Content-based image retrieval
Content-based image retrieval (CBIR), also known as query by image content (QBIC) and content-based visual information retrieval (CBVIR) is the application of computer vision techniques to the image retrieval problem, that is, the problem of searching for digital images in large databases (see this survey[1] for a recent scientific overview of the CBIR field). Content-based image retrieval is opposed to traditional concept-based approaches (see Concept-based image indexing).
"Content-based" means that the search analyzes the contents of the image rather than the metadata such as keywords, tags, or descriptions associated with the image. The term "content" in this context might refer to colors, shapes, textures, or any other information that can be derived from the image itself. CBIR is desirable because searches that rely purely on metadata are dependent on annotation quality and completeness. Having humans manually annotate images by entering keywords or metadata in a large database can be time consuming and may not capture the keywords desired to describe the image. The evaluation of the effectiveness of keyword image search is subjective and has not been well-defined. In the same regard, CBIR systems have similar challenges in defining success.[2]
History
The term "content-based image retrieval" seems to have originated in 1992 when it was used by T. Kato to describe experiments into automatic retrieval of images from a database, based on the colors and shapes present.[2] Since then, the term has been used to describe the process of retrieving desired images from a large collection on the basis of syntactical image features. The techniques, tools, and algorithms that are used originate from fields such as statistics, pattern recognition, signal processing, and computer vision[1]
The earliest commercial CBIR system was developed by IBM and was called QBIC (Query by Image Content).[3] Recent network and graph based approaches have presented a simple and attractive alternative to existing methods.[4]
Technical progress
The interest in CBIR has grown because of the limitations inherent in metadata-based systems, as well as the large range of possible uses for efficient image retrieval. Textual information about images can be easily searched using existing technology, but this requires humans to manually describe each image in the database. This can be impractical for very large databases or for images that are generated automatically, e.g. those from surveillance cameras. It is also possible to miss images that use different synonyms in their descriptions. Systems based on categorizing images in semantic classes like "cat" as a subclass of "animal" can avoid the miscategorization problem, but will require more effort by a user to find images that might be "cats", but are only classified as an "animal". Many standards have been developed to categorize images, but all still face scaling and miscategorization issues.[2]
Initial CBIR systems were developed to search databases based on image color, texture, and shape properties. After these systems were developed, the need for user-friendly interfaces became apparent. Therefore, efforts in the CBIR field started to include human-centered design that tried to meet the needs of the user performing the search. This typically means inclusion of: query methods that may allow descriptive semantics, queries that may involve user feedback, systems that may include machine learning, and systems that may understand user satisfaction levels.[1]
Techniques
Many CBIR systems have been developed, but the problem of retrieving images on the basis of their pixel content remains largely unsolved.[1]
Query techniques
Different implementations of CBIR make use of different types of user queries.
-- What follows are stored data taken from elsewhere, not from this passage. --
Lemma sup_inf_ge0_eq0 (R : realType) (U V : Type) (A : set U) (B : set V)
    (F : U -> V -> R) (a0 : U) (M : R) :
  A a0 -> B !=set0 -> (forall x y, 0 <= F x y) -> (forall y, B y -> F a0 y <= M) ->
  sup [set inf [set F x y | x in A] | y in B] = 0 <->
  forall y, B y -> forall e, 0 < e -> exists2 x, A x & F x y < e.
Proof.
move=> Aa0 [b0 Bb0] F0 FM.
have lbA y : has_lbound [set F x y | x in A] by exists 0 => _ [x _ <-].
have neA y : [set F x y | x in A] !=set0 by exists (F a0 y), a0.
have inf_ge0 y : 0 <= inf [set F x y | x in A].
  by apply: lb_le_inf => // _ [x _ <-].
have inf_le y x : A x -> inf [set F x y | x in A] <= F x y.
  by move=> Ax; apply: (ge_inf (lbA y)); exists x.
split=> [sup0 y By e e0 | small].
- have ubB : has_ubound [set inf [set F x y | x in A] | y in B].
    by exists M => _ [y' By' <-]; exact: le_trans (inf_le _ _ Aa0) (FM y' By').
  have infe : inf [set F x y | x in A] < e.
    by rewrite (le_lt_trans _ e0) // -sup0; apply: (ub_le_sup ubB); exists y.
  by have [_ [x Ax <-] Fe] := inf_lt (neA y) infe; exists x.
- have inf0 y : B y -> inf [set F x y | x in A] = 0.
    move=> By; apply/eqP; rewrite eq_le inf_ge0 andbT.
    apply/ler_addgt0Pr => e e0; have [x Ax Fx] := small y By e e0.
    by rewrite add0r (le_trans (inf_le _ _ Ax)) ?ltW.
  suff -> : [set inf [set F x y | x in A] | y in B] = [set 0] by rewrite sup1.
  apply/seteqP; split => [_ [y By <-]|_ ->]; first exact: inf0.
  by exists b0 => //; rewrite inf0.
Qed.

Lemma sval_almost_open_formula_eq0 {R : realType} {X Y : normedModType R}
    (T : {linear X -> Y}) {c s : rat} : 0 <= c -> 0 < s ->
  Defs.sval T (almost_open_formula c s) = 0 <-> almost_open T (ratr c).
Proof.
move=> c0 s0; have s2 : 0 < 2 * ratr s :> R by rewrite mulr_gt0 // ltr0q.
rewrite sval_almost_open_formula.
rewrite (@sup_inf_ge0_eq0 _ _ _ _ _ _ 0 (1 / (2 * ratr s))).
- rewrite /ball_of rmorph1; split=> Tc y y1 e e0.
  + have [x xc Txy] := Tc y y1 (e / (2 * ratr s)) (divr_gt0 e0 s2).
    by exists x => //; move: Txy; rewrite ltr_pM2r ?invr_gt0.
  + have [x xc Txy] := Tc y y1 (e * (2 * ratr s)) (mulr_gt0 e0 s2).
    by exists x => //; rewrite ltr_pdivrMr.
- by rewrite /ball_of /= normr0 ler0q.
- by exists 0; rewrite /ball_of /= normr0 rmorph1.
- by move=> x y; rewrite divr_ge0 // ltW.
- move=> y; rewrite /ball_of /= rmorph1 linear0 sub0r normrN => y1.
  by rewrite ler_pM2r ?invr_gt0.
Qed.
Query by example is a query technique that involves providing the CBIR system with an example image that it will then base its search upon. The underlying search algorithms may vary depending on the application, but result images should all share common elements with the provided example.[5]
Options for providing example images to the system include:
- A preexisting image may be supplied by the user or chosen from a random set.
- The user draws a rough approximation of the image they are looking for, for example with blobs of color or general shapes.[5]
This query technique removes the difficulties that can arise when trying to describe images with words.
Semantic retrieval
Semantic retrieval starts with a user making a request like "find pictures of Abraham Lincoln". This type of open-ended task is very difficult for computers to perform - Lincoln may not always be facing the camera or in the same pose. Many CBIR systems therefore generally make use of lower-level features like texture, color, and shape. These features are either used in combination with interfaces that allow easier input of the criteria or with databases that have already been trained to match features (such as faces, fingerprints, or shape matching). However, in general, image retrieval requires human feedback in order to identify higher-level concepts.[3]
Relevance feedback (human interaction)
Combining CBIR search techniques available with the wide range of potential users and their intent can be a difficult task. An aspect of making CBIR successful relies entirely on the ability to understand the user intent.[6] CBIR systems can make use of relevance feedback, where the user progressively refines the search results by marking images in the results as "relevant", "not relevant", or "neutral" to the search query, then repeating the search with the new information. Examples of this type of interface have been developed.[7]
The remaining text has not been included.